If I have a matrix $X$ with $N$ rows and $D$ columns, then the complexity of $(X^TX)^{-1}$ is $O(ND^2 + D^3)$ because
- $X^TX$ is $O(ND^2)$
- $(X^TX)^{-1}$ is $O(D^3)$ since it is a $D \times D$ matrix.
My question is, why is it $ND^2 + D^3 $ instead of $ ND^2D^3$ ? When do we add / multiply complexities ?
The idea is very intuitive. Say it takes $t_1$ time to do operation 1 and $t_2$ time to do operation 2. How much time does it take to do operation 1 followed by operation 2? Well, it takes $t_1 + t_2$ time.
But of course in mathematics we like to prove our intuition. In this case, it is harder than usual, because multiple variables are involved.

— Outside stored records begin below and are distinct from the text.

(* Lagrangian duality.  Let r be the y-value of the last chosen index and, for
   j in 1..n, let G_j be the sum of r - z_l over l from j up to (excluding) the
   next element of S.  Summation by parts gives, for every w with w_0 = 0,
     r * sum_j w_j - sum_j z_j w_j = sum_j G_j * (w_j - [j \notin S] w_{j-1}).
   Along the run G_j >= 0 on S and G_j <= 0 off S (the chosen y-values increase
   and the chosen index minimises y), x is constant between consecutive elements
   of S, and x_j = q_j for j in S unless the budget is exhausted and G_j = 0.
   Hence x maximises every summand among feasible w: if the budget is exhausted,
   r * obj w <= r * obj x + (z.w - K) <= r * obj x; otherwise S contains every
   index and x = q. *)

Lemma head_filter_iota (P : pred nat) d m k : has P (iota m k) ->
  let h := head d [seq j <- iota m k | P j] in
  [/\ P h, (m <= h < m + k)%N & forall j, (m <= j < h)%N -> ~~ P j].
Proof.
elim: k m => [|k IH] m //= /orP[Pm | hasP].
  by rewrite Pm /=; split=> // [|j]; lia.
case Pm: (P m) => /=; first by split=> // [|j]; lia.
have [Ph hh hlt] := IH m.+1 hasP; split=> // [|j hj]; first lia.
by case: (eqVneq j m) => [->|ne]; [rewrite Pm | apply: hlt; lia].
Qed.

Lemma bigmax_id_mem (s : seq nat) (P : pred nat) :
  (\max_(j <- s | P j) j)%N \in 0%N :: [seq j <- s | P j].
Proof.
rewrite -big_filter; elim: [seq j <- s | P j] => [|a t IH]; first by rewrite big_nil.
rewrite big_cons !inE in IH *.
by case: (leqP a (\max_(j <- t) j)%N) => _; rewrite ?eqxx ?orbT // orbCA IH orbT.
Qed.

Lemma has_argmin d (T : orderType d) (f : nat -> T) (P : pred nat) s : has P s ->
  exists2 i, (i \in s) && P i & forall j, j \in s -> P j -> (f i <= f j)%O.
Proof.
rewrite has_filter; case E: [seq j <- s | P j] => [|a t] // _.
suff [i it imin] : exists2 i, i \in a :: t & forall j, j \in a :: t -> (f i <= f j)%O.
  exists i; first by rewrite andbC -mem_filter E.
  by move=> j js Pj; apply: imin; rewrite -E mem_filter Pj.
elim: t a {E} => [|b t IH] a.
  by exists a => [|j]; rewrite ?mem_head // inE => /eqP->.
pose c := if (f a <= f b)%O then a else b.
have [le_ca le_cb] : (f c <= f a)%O /\ (f c <= f b)%O.
  by rewrite /c; case: (leP (f a) (f b)) => h; split=> //; exact: ltW.
have [i it imin] := IH c; have le_ic := imin c (mem_head _ _).
exists i.
  move: it; rewrite !inE => /orP[/eqP->|it]; last by rewrite it !orbT.
  by rewrite /c; case: ifP; rewrite eqxx ?orbT.
move=> j; rewrite !inE => /or3P[/eqP->|/eqP->|jt]; first exact: le_trans le_ca.
  exact: le_trans le_cb.
by apply: imin; rewrite inE jt orbT.
Qed.

Lemma eq_run_start (T : Type) (f : nat -> T) a b :
  (forall l, (a < l < b)%N -> f l = f l.-1) -> forall l, (a <= l < b)%N -> f l = f a.
Proof.
move=> hf; elim=> [|l IH]; first by rewrite leqn0 => /andP[/eqP->].
rewrite leq_eqVlt => /andP[/orP[/eqP<- // | hal] hlb].
by rewrite hf ?hal ?hlb //= IH // -ltnS hal ltnW.
Qed.

Lemma sum_nat_restrict (R : nmodType) (F : nat -> R) m p a b :
  (m <= a)%N -> (b <= p)%N ->
  \sum_(m <= l < p) (if (a <= l < b)%N then F l else 0) = \sum_(a <= l < b) F l.
Proof.
by move=> hma hbp; rewrite (big_nat_widenl _ _ _ _ _ hma) (big_nat_widen _ _ _ _ _ hbp) big_mkcond.
Qed.

Section Algorithm.
Variable R : realFieldType.
Variables (n : nat) (q z : nat -> R) (K : R).
Hypothesis hq0 : forall i, (1 <= i <= n)%N -> 0 < q i.
Hypothesis hqmono : forall i, (1 <= i < n)%N -> q i <= q i.+1.
Hypothesis hz : forall i, (1 <= i <= n)%N -> 0 < z i.

Lemma q_homo a b : (1 <= a)%N -> (a <= b <= n)%N -> q a <= q b.
Proof.
move=> ha; elim: b => [|b IH] /andP[]; first lia.
rewrite leq_eqVlt => /orP[/eqP<- // | hab] hbn.
by apply: le_trans (IH _) (hqmono _); lia.
Qed.

Definition gain (r : R) (a b : nat) : R := \sum_(a <= l < b) (r - z l).

Lemma gainE r a b : gain r a b = r *+ (b - a) - sumz z a b.
Proof. by rewrite /gain sumrB sumr_const_nat. Qed.

Lemma gain_le0 r a b : (a < b)%N -> (gain r a b <= 0) = (r <= avgz z a b).
Proof.
move=> hab; have hba : 0 < (b - a)%:R :> R by rewrite ltr0n subn_gt0.
by rewrite gainE subr_le0 /avgz ler_pdivlMr // mulr_natr.
Qed.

Let $f(N, D$) be the time taken to do operation 1 and $g(N, D)$ be the time taken to do operation 2. By assumption, we have $f \in \mathcal{O}(ND^2)$. By the definition of multiple variables big $\mathcal{O}$, there exists $M_1, C_1 > 0$ such that forall $N, D$ with $N \ge M_1$ or $D \ge M_1$ we have $$f(N, D) \le C_1 ND^2$$ Similarly, since $g \in \mathcal{O}(D^3)$, there exists $M_2, C_2 > 0$ such that forall $N, D$ with $N \ge M_2$ or $D \ge M_2$ we have $$g(N, D) \le C_2 D^3$$ Now our goal is to show the time taken to do operation 1 followed by operation 2 $f + g \in \mathcal{O}(ND^2 + D^3)$. Here we go. Let $M = \max\{M_1, M_2\}$ and $C = \max\{C_1, C_2\}$. Then for all $N, D$ with $N \ge M$ or $D \ge M$ we have $$f(N, D) \le C_1 ND^2 \le C ND^2$$ and $$g(N, D) \le C_2 D^3 \le C D^3$$ Adding the two inequalities gives $$f(N, D) + g(N, D) \le C ND^2 + C D^3 = C(ND^2 + D^3)$$ Therefore, by definition $f + g \in \mathcal{O}(ND^2 + D^3)$ and we win!